Linder says, the historic attraction of options, as opposed to restricted stock grants, was that “options carried no accounting expense—no hit to your bottom line.” The change in accounting rules, she says, coincides with a public outcry about executive compensation and pressure from “post-Enron shareholders who are savvier and more interested in what executives are doing for their money. Shareholders [are demanding] performance, not just time in the seat.”

Thus the move toward more restricted stock awards and fewer options. No one we spoke with could quantify the surge, but all agree it is happening.



Management Only?

Sources also agree that stock options are less likely today to be offered to large numbers of employees, as opposed to managers and executives only. The practice of using options to give everyone an ownership stake reached its zenith among technology companies during the 1980s and ’90s, when, Linder says, “startups were trying to get good people and couldn’t pay a lot of cash.”

Many startups are still in that position, of course. But for companies in general, it isn’t just Financial Accounting Standard 123R or stockholder concern about share dilution that has taken the bloom off the rose. Experts say that experience has caused many firms to question the value of options as an incentive for rank-and-file employees.

Turner points out that the purpose of granting options is to encourage behavior that will lead to stock price appreciation. “But for lower-level employees, a lot of that is outside their control,” he says. “The deeper in an organization you go, the less line of sight you have between employee decisions and [the company’s share price].”

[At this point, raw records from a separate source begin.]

(* Let $G$ be a graph containing no cycle of length 6, let $x\in V(G)$, and let $A$ be a bipartite connected component of $G[N_2(x)]$ with vertex sets of bipartition $V_1$ and $V_2$. Then for each $i\in\{1,2\}$, if $|V_i|\ge 2$ then $|N(x)\cap N(V_i)|=1$.
   Context: All graphs are finite, simple and undirected; ''containing no cycle of length 6'' means having no subgraph (not necessarily induced) isomorphic to $C_6$. $N_i(S)$ denotes the set of vertices at distance exactly $i$ from the vertex set $S$, $N(S)=N_1(S)$, $N(v)=N(\{v\})$, $N_2(v)=N_2(\{v\})$. *)

From mathcomp Require Import all_boot.
Set Implicit Arguments. Unset Strict Implicit. Unset Printing Implicit Defensive.

Section Graphs.
Variable T : finType.
Variable e : rel T.

Definition simple_graph := symmetric e /\ irreflexive e.

(* G contains a 6-cycle as a (not necessarily induced) subgraph:
   six pairwise distinct vertices v_0..v_5 with v_i v_{i+1 mod 6} edges. *)
Definition has_C6 :=
  exists v : 'I_6 -> T, injective v /\
    forall i : 'I_6, e (v i) (v (ordS i)).

Fixpoint walk (k : nat) (x y : T) : bool :=
  match k with
  | 0 => x == y
  | k'.+1 => [exists z, e x z && walk k' z y]
  end.

(* N_i(S): vertices at distance exactly i from S *)
Definition Ni (i : nat) (S : {set T}) : {set T} :=
  [set y | [exists s in S, walk i s y] &&
           [forall j : 'I_i, forall s in S, ~~ walk j s y]].

Definition Nset (S : {set T}) := Ni 1 S.
Definition N1 (v : T) := Ni 1 [set v].
Definition N2 (v : T) := Ni 2 [set v].

Definition induced (W : {set T}) : rel T :=
  fun a b => [&& e a b, a \in W & b \in W].

Definition is_component (W A : {set T}) :=
  exists2 a0, a0 \in W & A = [set y in W | connect (induced W) a0 y].

Definition is_bipartition (A V1 V2 : {set T}) :=
  [/\ V1 :|: V2 = A, [disjoint V1 & V2],
      {in V1 &, forall a b, ~~ e a b} & {in V2 &, forall a b, ~~ e a b}].
End Graphs.

(* Every vertex u of N(x) adjacent to V1 is adjacent to all of V1: if u ~ b and
   b, b' in V1 have a common neighbour c in N2(x), the neighbour w of b' in N(x)
   must be u, otherwise x u b c b' w is a 6-cycle; and any two vertices of V1
   are joined by such steps since A is connected and bipartite.  Two distinct
   vertices u, w of N(x) adjacent to V1 would then close the 6-cycle
   x u a c b w through two vertices a, b of V1 with a common neighbour c. *)
From mathcomp Require Import all_boot.
Set Implicit Arguments. Unset Strict Implicit. Unset Printing Implicit Defensive.

Lemma connect_preserved (T : finType) (R : rel T) (Q : T -> Prop) a b :
  (forall y z, R y z -> Q y -> Q z) -> Q a -> connect R a b -> Q b.
Proof.
move=> stepQ + /connectP[p]; elim: p a => [|z p IHp] a Qa /=.
  by move=> _ ->.
by case/andP=> Raz; apply: IHp; apply: stepQ Raz Qa.
Qed.

Section Graph.
Variables (T : finType) (e : rel T).
Hypotheses (e_sym : symmetric e) (e_irr : irreflexive e).

Lemma walk1 y z : walk e 1 y z = e y z.
Proof.
apply/existsP/idP => [[w /andP[eyw /eqP <-]] //|eyz].
by exists z; rewrite eyz eqxx.
Qed.

Lemma in_Nset (S : {set T}) y :
  (y \in Nset e S) = [exists s in S, e s y] && (y \notin S).
Proof.
rewrite inE; congr andb.
  by apply: eq_existsb => s; rewrite walk1.
apply/forallP/idP => [/(_ ord0)/forallP notS|yS [[|//] j]].
  by apply/negP => yS; have := notS y; rewrite yS /= eqxx.
by apply/forall_inP => s sS /=; apply: contra yS => /eqP <-.
Qed.

Lemma in_N1 x y : (y \in N1 e x) = e x y.
Proof.
rewrite -[N1 e x]/(Nset e [set x]) in_Nset in_set1.
apply/andP/idP => [[/exists_inP[s /set1P -> //]]|exy].
split; first by apply/exists_inP; exists x; rewrite ?set11.
by apply: contraL exy => /eqP ->; rewrite e_irr.
Qed.

Lemma mem_N2 x y :
  y \in N2 e x -> [/\ exists2 z, e x z & e z y, ~~ e x y & y != x].
Proof.
rewrite inE => /andP[/exists_inP[s /set1P ->] /existsP[z /andP[exz ezy]]].
move=> /forallP far.
split; first by exists z; rewrite // -walk1.
- by have /forall_inP := far (@Ordinal 2 1 isT) => /(_ x (set11 x)); rewrite walk1.
- by have /forall_inP := far ord0 => /(_ x (set11 x)); rewrite eq_sym.
Qed.

Lemma N1_Nset_sub_N2 x (S : {set T}) u : {subset S <= N2 e x} ->
  (u \in N1 e x :&: Nset e S) = e x u && [exists s in S, e s u].
Proof.
move=> SN2; rewrite inE in_N1 in_Nset; case exu: (e x u) => //=.
suff -> : u \notin S by rewrite andbT.
by apply: contraTN exu => /SN2 /mem_N2[].
Qed.

Lemma hexagon_has_C6 v0 v1 v2 v3 v4 v5 :
  uniq [:: v0; v1; v2; v3; v4; v5] ->
  e v0 v1 -> e v1 v2 -> e v2 v3 -> e v3 v4 -> e v4 v5 -> e v5 v0 -> has_C6 e.
Proof.
move=> uniq_v e01 e12 e23 e34 e45 e50.
exists (fun i : 'I_6 => nth v0 [:: v0; v1; v2; v3; v4; v5] i); split.
  by move=> i j /eqP; rewrite nth_uniq // => /eqP /val_inj.
by case=> [[|[|[|[|[|[|]]]]]]].
Qed.

Lemma N2_hexagon_has_C6 x u w a b c :
  a \in N2 e x -> b \in N2 e x -> c \in N2 e x -> a != b -> u != w ->
  e x u -> e x w -> e u a -> e w b -> e a c -> e c b -> has_C6 e.
Proof.
move=> /mem_N2[_ xa ax] /mem_N2[_ xb bx] /mem_N2[_ xc cx] ab uw xu xw ua wb ac cb.
have adj_neq p q : e p q -> p != q by apply: contraTneq => ->; rewrite e_irr.
have N1_neq p q : e x p -> ~~ e x q -> p != q.
  by move=> xp; apply: contraNneq => <-.
have bw : e b w by rewrite e_sym.
have wx : e w x by rewrite e_sym.
apply: (hexagon_has_C6 _ xu ua ac cb bw wx).
rewrite /= !inE !negb_or !andbT (eq_sym x a) (eq_sym x b) (eq_sym x c).
rewrite (eq_sym a w) (eq_sym c w) (eq_sym b w) ax bx cx ab uw.
by rewrite !(N1_neq u) ?(N1_neq w) ?(adj_neq x) ?(adj_neq a) ?(adj_neq c).
Qed.

Lemma is_bipartition_sym (A V1 V2 : {set T}) :
  is_bipartition e A V1 V2 -> is_bipartition e A V2 V1.
Proof. by case=> ? ? ? ?; split; rewrite 1?setUC 1?disjoint_sym. Qed.

Section Bipartition.
Variables (A V1 V2 : {set T}).
Hypothesis bip : is_bipartition e A V1 V2.

Lemma part1_sub : {subset V1 <= A}.
Proof. by case: bip => <- _ _ _ y yV1; rewrite inE yV1. Qed.

Lemma part1_nbr y z : y \in V1 -> z \in A -> e y z -> z \in V2.
Proof.
case: bip => <- _ V1_stable _ yV1; rewrite inE => /orP[zV1|//].
by rewrite (negPf (V1_stable y z yV1 zV1)).
Qed.

Lemma part1_not2 y : y \in V1 -> y \notin V2.
Proof. by case: bip => _ dis _ _ /(disjointFr dis) ->. Qed.

End Bipartition.

Section BipartiteComponent.
Variables (W A V1 V2 : {set T}).
Hypotheses (A_comp : is_component e W A) (A_bip : is_bipartition e A V1 V2).

Lemma component_sub : {subset A <= W}.
Proof. by case: A_comp => a0 _ -> y; rewrite inE => /andP[]. Qed.

Lemma component_connect y z : y \in A -> z \in A -> connect (induced e W) y z.
Proof.
have sym_ind : symmetric (induced e W).
  by move=> p q; rewrite /induced e_sym (andbC (p \in W)).
case: A_comp => a0 _ ->; rewrite !inE => /andP[_ a0y] /andP[_ a0z].
by apply: connect_trans a0z; rewrite (sym_connect_sym sym_ind).
Qed.

Lemma component_closed y z : induced e W y z -> y \in A -> z \in A.
Proof.
case: A_comp => a0 _ -> yz; have /and3P[_ _ zW] := yz.
by rewrite !inE zW => /andP[_ /connect_trans]; apply; apply: connect1.
Qed.

Lemma part1_propagate (P : pred T) :
  (forall b b' c, b \in V1 -> b' \in V1 -> c \in A -> e b c -> e c b' ->
     P b -> P b') ->
  forall a y, a \in V1 -> y \in V1 -> P a -> P y.
Proof.
move=> stepP a y aV1 yV1 Pa.
pose Q z := [/\ z \in A, z \in V1 -> P z &
                z \in V2 -> forall b, b \in V1 -> e z b -> P b].
suff [] : Q y by move=> _ /(_ yV1).
have aA := part1_sub A_bip aV1; have yA := part1_sub A_bip yV1.
apply: (connect_preserved (Q := Q) _ _ (component_connect aA yA)); last first.
  split=> [||aV2] //.
  by rewrite (negPf (part1_not2 A_bip aV1)) in aV2.
move=> y' z yz [y'A P1 P2]; have zA := component_closed yz y'A.
have /and3P[ey'z _ _] := yz.
split=> // [zV1|zV2 b bV1 ezb].
  have y'V2 : y' \in V2 by rewrite (part1_nbr A_bip zV1) // e_sym.
  exact: P2 y'V2 z zV1 ey'z.
have y'V1 : y' \in V1.
  by rewrite (part1_nbr (is_bipartition_sym A_bip) zV2) // e_sym.
exact: stepP y'V1 bV1 zA ey'z ezb (P1 y'V1).
Qed.

Lemma part1_common_nbr : 1 < #|V1| ->
  exists a b c, [/\ a \in V1, b \in V1, a != b, c \in A & e a c && e c b].
Proof.
case/card_gt1P=> a [b [aV1 bV1 ab]].
have [|none] := boolP [exists a' in V1, exists b' in V1, exists c in A,
                         [&& a' != b', e a' c & e c b']].
  case/exists_inP=> a' a'V1 /exists_inP[b' b'V1 /exists_inP[c cA /and3P[]]].
  by move=> a'b' a'c cb'; exists a', b', c; rewrite a'c.
(* Otherwise the only step of propagation is b1 = b2, so [pred1 a] holds on V1. *)
suff : b == a by rewrite eq_sym (negPf ab).
apply: (part1_propagate (P := pred1 a) _ aV1 bV1 (eqxx a)).
move=> b1 b2 c b1V1 b2V1 cA b1c cb2 /eqP <-; apply: contraR none => b1b2.
apply/exists_inP; exists b1 => //; apply/exists_inP; exists b2 => //.
by apply/exists_inP; exists c; rewrite // eq_sym b1b2 b1c.
Qed.

End BipartiteComponent.

Section SecondNeighbourhood.
Variables (x : T) (A V1 V2 : {set T}).
Hypotheses (noC6 : ~ has_C6 e) (A_comp : is_component e (N2 e x) A)
  (A_bip : is_bipartition e A V1 V2).

Let A_N2 : {subset A <= N2 e x} := component_sub A_comp.

Let V1_N2 y (yV1 : y \in V1) : y \in N2 e x := A_N2 (part1_sub A_bip yV1).

Lemma N1_adj_part1_all u a y :
  e x u -> a \in V1 -> e u a -> y \in V1 -> e u y.
Proof.
move=> xu aV1 ua yV1.
apply: (part1_propagate A_comp A_bip (P := e u) _ aV1 yV1 ua).
move=> b b' c bV1 b'V1 cA bc cb' ub.
have [<- //|bb'] := eqVneq b b'.
have [[w xw wb'] _ _] := mem_N2 (V1_N2 b'V1).
have [-> //|uw] := eqVneq u w.
case: noC6.
exact: N2_hexagon_has_C6 (V1_N2 bV1) (V1_N2 b'V1) (A_N2 cA) bb' uw xu xw
  ub wb' bc cb'.
Qed.

Lemma card_N1_Nset_part1 : 1 < #|V1| -> #|N1 e x :&: Nset e V1| = 1.
Proof.
move/(part1_common_nbr A_comp A_bip)=> [a [b [c [aV1 bV1 ab cA /andP[ac cb]]]]].
have [[z xz za] _ _] := mem_N2 (V1_N2 aV1).
apply/eqP/cards1P; exists z; apply/setP => u; rewrite in_set1 N1_Nset_sub_N2 //.
apply/andP/eqP => [[xu /exists_inP[a' a'V1 a'u]]|->]; last first.
  by split=> //; apply/exists_inP; exists a; rewrite // e_sym.
have [// | uz] := eqVneq u z; case: noC6.
have uV1 := N1_adj_part1_all xu a'V1 (etrans (e_sym _ _) a'u).
have zV1 := N1_adj_part1_all xz aV1 za.
exact: N2_hexagon_has_C6 (V1_N2 aV1) (V1_N2 bV1) (A_N2 cA) ab uz xu xz
  (uV1 a aV1) (zV1 b bV1) ac cb.
Qed.

End SecondNeighbourhood.
End Graph.

Theorem lemma2p4 (T : finType) (e : rel T) (x : T) (A V1 V2 : {set T}) :
  simple_graph e -> ~ has_C6 e ->
  is_component e (N2 e x) A ->
  is_bipartition e A V1 V2 ->
  forall V, (V = V1 \/ V = V2) ->
    1 < #|V| -> #|N1 e x :&: Nset e V| = 1.
Proof.
move=> [e_sym e_irr] noC6 A_comp A_bip V [->|->].
  exact: card_N1_Nset_part1 A_comp A_bip.
exact: card_N1_Nset_part1 A_comp (is_bipartition_sym A_bip).
Qed.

Because lower-level employees don’t see a clear link between their actions and overall corporate performance, they tend to value higher salaries or bonuses more than options. Turner says studies have shown that nonmanagers value stock options at only about one-third of their actual economic costs.

According to Nussbaum, companies have found that employees below a certain income—“Pick a number: $50,000? $70,000?”—often view options as additional cash income anyway. “As soon as the options vest, they tend to cash out,” he says.

Hence the thinking in more corporate boardrooms today: If employees prefer cash, and the board now has to charge options against the company’s bottom line anyway, why not just give them cash?